In recent weeks, the central Israel town of Beit Shemesh has seen increased violence by ultra-religious men, attacking women and girls, who they feel have been dressed in an immodest manner.

These men have resorted to cursing, spitting, and even rock-throwing. Signs have been hung in the town center instructing women not to “dally in the street.”

The situation in the town was brought to the forefront of Israeli public discourse, this weekend in a Channel 2 exposé, aired this Friday, about a 8-year-old girl who is afraid to go to her school – located a mere 300 meters from her house – because of the violence she had experienced by men, who felt the religious girl’s attire was not modest enough.

The exposé led Tsviki Levin, an actor with the Beit Lessin theater group, to start a Facebook group titled “A thousand Israelis going to Beit Shemesh to protect little Naama,” which already has more than 5,500 members.

“I opened the Facebook group to help Naama but she is just a symbol for something bigger and more acute and dangerous for all of Israeli society.” Levin said on Friday.

“There are hundreds of women and girls like her, paying the price of exclusion, intimidation, and humiliation, from extremist religious groups.”

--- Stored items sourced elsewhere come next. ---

(* Consider a single base station and $N=2$ users. At each slot $t=1,2,\ldots$, one of the two users is chosen uniformly at random, independently across slots, to have a \textsf{Good} channel, and the other has a \textsf{Bad} channel. At each slot the base station schedules exactly one user via an online policy $\pi$: the decision at slot $t$ is measurable with respect to the sigma-algebra generated by the ages and scheduling decisions up to slot $t-1$ (so it does not know the current channel states). The ages evolve as $h_i(t+1)=1$ if $\mathrm{UE}_i$ was scheduled at slot $t$ and its channel was \textsf{Good} at slot $t$, and $h_i(t+1)=h_i(t)+1$ otherwise. Let $H_{\mathrm{sum}}(t)=\mathbb{E}^\pi[h_1(t)]+\mathbb{E}^\pi[h_2(t)]$. Then for every online policy $\pi$, $\limsup_{T\to\infty}\frac{1}{T}\sum_{t=1}^{T}H_{\mathrm{sum}}(t)\ge 6$.
   Context: Each scheduled transmission thus succeeds with probability $p_1=p_2=1/2$. The quantity bounded is the time-averaged expected sum of the two users' ages. *)

From mathcomp Require Import all_boot all_order all_algebra.
From mathcomp Require Import all_classical all_reals all_analysis.
Set Implicit Arguments. Unset Strict Implicit. Unset Printing Implicit Defensive.
Import Order.TTheory GRing.Theory Num.Theory.
Local Open Scope ring_scope.

(* Channel state of a slot: a boolean c; c = true means UE_1 is Good (UE_2 Bad),
   c = false means UE_2 is Good (UE_1 Bad).
   Scheduling decision of a slot: a boolean d; d = true means UE_1 is scheduled,
   d = false means UE_2 is scheduled. *)

Definition age_update (h : nat * nat) (d c : bool) : nat * nat :=
  (if d && c then 1%N else (h.1).+1,
   if ~~ d && ~~ c then 1%N else (h.2).+1).

(* History available when deciding at slot t: the list
   [(h(1), d(1)); ...; (h(t-1), d(t-1))] of ages and decisions up to slot t-1. *)
Definition history := seq ((nat * nat) * bool).

Definition policy := history -> bool.

Fixpoint run (pi : policy) (hist : history) (h : nat * nat) (cs : seq bool)
  : nat * nat :=
  match cs with
  | [::] => h
  | c :: cs' =>
      let d := pi hist in
      run pi (rcons hist (h, d)) (age_update h d c) cs'
  end.

(* Ages at slot (size cs).+1, starting from ages h0 at slot 1, with channel
   states cs at slots 1, ..., size cs. *)
Definition ages_at (pi : policy) (h0 : nat * nat) (cs : seq bool) : nat * nat :=
  run pi [::] h0 cs.

(* H_sum(t) = E[h_1(t)] + E[h_2(t)] for t >= 1: the channel states at slots
   1..t-1 are i.i.d. uniform, so each of the 2^(t-1) realizations has
   probability 2^-(t-1). *)
Definition Hsum {R : realType} (pi : policy) (h0 : nat * nat) (t : nat) : R :=
  (2 ^- t.-1) *
  \sum_(cs : (t.-1).-tuple bool)
     (((ages_at pi h0 cs).1 + (ages_at pi h0 cs).2)%N)%:R.

Definition avg_Hsum {R : realType} (pi : policy) (h0 : nat * nat) (T : nat) : R :=
  T%:R^-1 * \sum_(1 <= t < T.+1) Hsum pi h0 t.

(* Let F(h) = h_1 + h_2 and P(h) = 4 min(h_1, h_2) + 2 max(h_1, h_2).  Whichever
   user is scheduled, its channel is Good with probability 1/2, and a case check
   gives E[P(h(t+1)) | past] >= P(h(t)) + 6 - F(h(t)).  Summing this drift,
   sum_{t <= T} H_sum(t) >= 6T + P(h(1)) - E[P(h(T+1))] >= 6T - 3 H_sum(T+1),
   because P <= 3F.  If the averages stayed below some c < 6 from some point on,
   this would force H_sum(T+1) >= (6 - c)T/3, so the partial sums would grow
   quadratically, contradicting their bound cT. *)
From mathcomp Require Import all_boot all_order all_algebra.
From mathcomp Require Import all_classical all_reals all_analysis.
From mathcomp Require Import zify ring lra.
Set Implicit Arguments. Unset Strict Implicit. Unset Printing Implicit Defensive.
Import Order.TTheory GRing.Theory Num.Theory.
Local Open Scope ring_scope.

Lemma sum_tupleS (T : finType) (V : nmodType) n (F : n.+1.-tuple T -> V) :
  \sum_(t : n.+1.-tuple T) F t = \sum_(x : T) \sum_(t : n.-tuple T) F [tuple of x :: t].
Proof.
rewrite pair_big /= (reindex (fun p : T * n.-tuple T => [tuple of p.1 :: p.2])) //.
exists (fun t : n.+1.-tuple T => (thead t, [tuple of behead t])).
  by move=> [x t] _; congr pair; apply: val_inj.
by move=> t _; rewrite [in RHS](tuple_eta t).
Qed.

Section MeanGrowth.
Variables (R : archiRealFieldType) (u : nat -> R) (a b : R).
Hypothesis u_ge0 : forall t, 0 <= u t.
Hypothesis b_gt0 : 0 < b.
Hypothesis partial_sum_ge :
  forall T, a * T%:R - b * u T.+1 <= \sum_(1 <= t < T.+1) u t.

Let S T := \sum_(1 <= t < T.+1) u t.

Lemma mean_frequently_gt c n :
  c < a -> exists2 k, (n <= k)%N & c < k%:R^-1 * S k.
Proof.
move=> lt_ca; apply/not_exists2P => mean_le.
have S_ge T : a * T%:R - b * u T.+1 <= S T := partial_sum_ge T.
have S_le k : (n < k)%N -> S k <= c * k%:R.
  move=> lt_nk; have k_gt0 : (0 : R) < k%:R by rewrite ltr0n (leq_trans _ lt_nk).
  have [/negP|/negP] := mean_le k; first by rewrite (ltnW lt_nk).
  by rewrite -leNgt ler_pdivrMl // mulrC.
have u_ge T : (n < T)%N -> (a - c) * T%:R / b <= u T.+1.
  by move=> lt_nT; rewrite ler_pdivrMr //; have := S_le T lt_nT; have := S_ge T; lra.
have quadratic N : (n < N)%N -> N%:R * ((a - c) * N%:R / b) <= S (N + N).
  move=> lt_nN; rewrite /S big_add1 (big_cat_nat (n := N)) ?leq_addr //=.
  rewrite -[X in X <= _]add0r; apply: lerD; first by apply: sumr_ge0.
  rewrite -[X in X%:R * _](addKn N N) mulr_natl -sumr_const_nat.
  apply: ler_sum_nat => T /andP[le_NT _]; apply: le_trans (u_ge T _); last lia.
  by rewrite ler_pM2r ?invr_gt0 // ler_wpM2l ?ler_nat //; lra.
pose N := maxn n.+1 (Num.truncn (2 * b * c / (a - c))).+1.
have lt_nN : (n < N)%N by rewrite leq_max leqnn.
have N_gt0 : (0 : R) < N%:R by rewrite ltr0n (leq_trans _ lt_nN).
have N_big : 2 * b * c / (a - c) < N%:R.
  apply: lt_le_trans (truncnS_gt _) _; by rewrite ler_nat leq_max leqnn orbT.
have le_N : (a - c) * N%:R / b <= 2 * c.
  rewrite -(ler_pM2l N_gt0).
  have := le_trans (quadratic N lt_nN) (S_le _ (leq_trans lt_nN (leq_addr _ _))).
  by rewrite natrD; lra.
move: N_big le_N; rewrite ltr_pdivrMr ?subr_gt0 // ler_pdivrMr //; lra.
Qed.

End MeanGrowth.

Lemma limn_esup_ge (R : realType) (u : R^nat) (a : R) :
  (forall c n, c < a -> exists2 k, (n <= k)%N & c < u k) ->
  (a%:E <= limn_esup (fun n => (u n)%:E))%E.
Proof.
move=> u_frequently_gt; rewrite limn_esup_lim; apply: lime_ge; first exact: is_cvg_esups.
apply: nearW => n; apply/lee_subgt0Pr => e e_gt0.
have lt_ea : a - e < a by rewrite gtrBl.
have [k le_nk lt_uk] := u_frequently_gt (a - e) n lt_ea.
apply: (@le_trans _ _ (u k)%:E); first by rewrite -EFinB lee_fin ltW.
by apply: ereal_sup_ubound; exists k.
Qed.

Section Expectation.
Variables (R : realFieldType) (pi : policy).

Definition expect n (f : nat * nat -> R) (hist : history) (h : nat * nat) : R :=
  2 ^- n * \sum_(cs : n.-tuple bool) f (run pi hist h cs).

Lemma expect0 f hist h : expect 0 f hist h = f h.
Proof.
rewrite /expect (eq_bigr (fun _ => f h)) => [|t _]; last by rewrite tuple0.
by rewrite sumr_const card_tuple expr0 invr1 mul1r.
Qed.

Lemma expectS n f hist h :
  expect n.+1 f hist h =
  (expect n f (rcons hist (h, pi hist)) (age_update h (pi hist) true) +
   expect n f (rcons hist (h, pi hist)) (age_update h (pi hist) false)) / 2.
Proof. by rewrite /expect sum_tupleS big_bool /= exprSr invfM; field. Qed.

Lemma expect_le n f g hist h :
  (forall h, f h <= g h) -> expect n f hist h <= expect n g hist h.
Proof.
by move=> le_fg; rewrite ler_wpM2l ?invr_ge0 ?exprn_ge0 //; apply: ler_sum.
Qed.

Lemma expectZ n k f hist h :
  expect n (fun h => k * f h) hist h = k * expect n f hist h.
Proof. by rewrite /expect -mulr_sumr mulrCA. Qed.

Lemma expect_drift k f p :
  (forall h d,
     k + p h <= f h + (p (age_update h d true) + p (age_update h d false)) / 2) ->
  forall n hist h, k + expect n p hist h <= expect n f hist h + expect n.+1 p hist h.
Proof.
move=> drift; elim=> [|n IHn] hist h; first by rewrite expectS !expect0.
rewrite expectS [expect n.+1 f _ _]expectS [expect n.+2 p _ _]expectS.
have := IHn (rcons hist (h, pi hist)) (age_update h (pi hist) true).
have := IHn (rcons hist (h, pi hist)) (age_update h (pi hist) false).
lra.
Qed.

End Expectation.

Definition age_sum (h : nat * nat) : nat := (h.1 + h.2)%N.

Definition age_potential (h : nat * nat) : nat :=
  (4 * minn h.1 h.2 + 2 * maxn h.1 h.2)%N.

Lemma age_potential_drift h d :
  (12 + 2 * age_potential h <=
   2 * age_sum h + age_potential (age_update h d true)
   + age_potential (age_update h d false))%N.
Proof. by case: h => h1 h2; case: d; rewrite /age_potential /age_sum /=; lia. Qed.

Lemma age_potential_le h : (age_potential h <= 3 * age_sum h)%N.
Proof. by rewrite /age_potential /age_sum; lia. Qed.

Section AverageAge.
Variables (R : realType) (pi : policy) (h0 : nat * nat).

Lemma Hsum_ge0 t : 0 <= Hsum (R := R) pi h0 t.
Proof.
by rewrite mulr_ge0 ?invr_ge0 ?exprn_ge0 //; apply: sumr_ge0 => cs _; apply: ler0n.
Qed.

Lemma partial_Hsum_ge T :
  6 * T%:R - 3 * Hsum pi h0 T.+1 <= \sum_(1 <= t < T.+1) Hsum (R := R) pi h0 t.
Proof.
pose F h : R := (age_sum h)%:R; pose P h : R := (age_potential h)%:R.
have Hsum_expect t : Hsum pi h0 t.+1 = expect pi t F [::] h0 by [].
have drift n :
    6 + expect pi n P [::] h0 <= expect pi n F [::] h0 + expect pi n.+1 P [::] h0.
  apply: expect_drift => h d; move: (age_potential_drift h d); rewrite /F /P.
  move: (age_potential (age_update h d true)) (age_potential (age_update h d false)).
  move: (age_potential h) (age_sum h) => p s pt pf.
  by rewrite -(ler_nat R) !natrD; lra.
have telescope :
    6 * T%:R + P h0 <= \sum_(1 <= t < T.+1) Hsum pi h0 t + expect pi T P [::] h0.
  elim: T => [|T IHT]; first by rewrite big_geq // expect0 mulr0 !add0r.
  by rewrite big_nat_recr //= Hsum_expect -addn1 natrD; have := drift T; lra.
have P_le : expect pi T P [::] h0 <= 3 * Hsum pi h0 T.+1.
  rewrite Hsum_expect -expectZ; apply: expect_le => h.
  by rewrite /P /F -natrM ler_nat age_potential_le.
have P_ge0 : 0 <= P h0 by apply: ler0n.
lra.
Qed.

End AverageAge.

Local Open Scope ereal_scope.

Theorem proposition1 (R : realType) (pi : policy) (h0 : nat * nat) :
  (6%:R : R)%:E <= limn_esup (fun T : nat => (avg_Hsum (R := R) pi h0 T)%:E).
Proof.
apply: limn_esup_ge => c n lt_c6.
by apply: (mean_frequently_gt (@Hsum_ge0 R pi h0) _ (@partial_Hsum_ge R pi h0)).
Qed.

Prime Minister Benjamin Netanyahu spoke with Public Security Minister Yitzhak Aharonovitch, on Saturday, and asked him to instruct the police to take decisive action against the exclusion of women from Israel’s public sphere.

Later on Saturday, Netanyahu spoke with Attorney General Yehuda Weinstein, and inquired whether the laws regarding the exclusion of women in Israel’s local municipalities were being enforced.

In recent weeks, a number of controversial incidents have spurred the discussion over women’s equality in the public arena. The debate started following the refusal of a number of IDF soldiers to listen to a female soldier singing.

The debate continued with protests over the removal of images of women from advertisements and on buses in Jerusalem, disagreement on a public bus where women are forced to sit separately from men at the back of the vehicle, and a number of cases of segregation between the sexes in public places, such as at medical centers.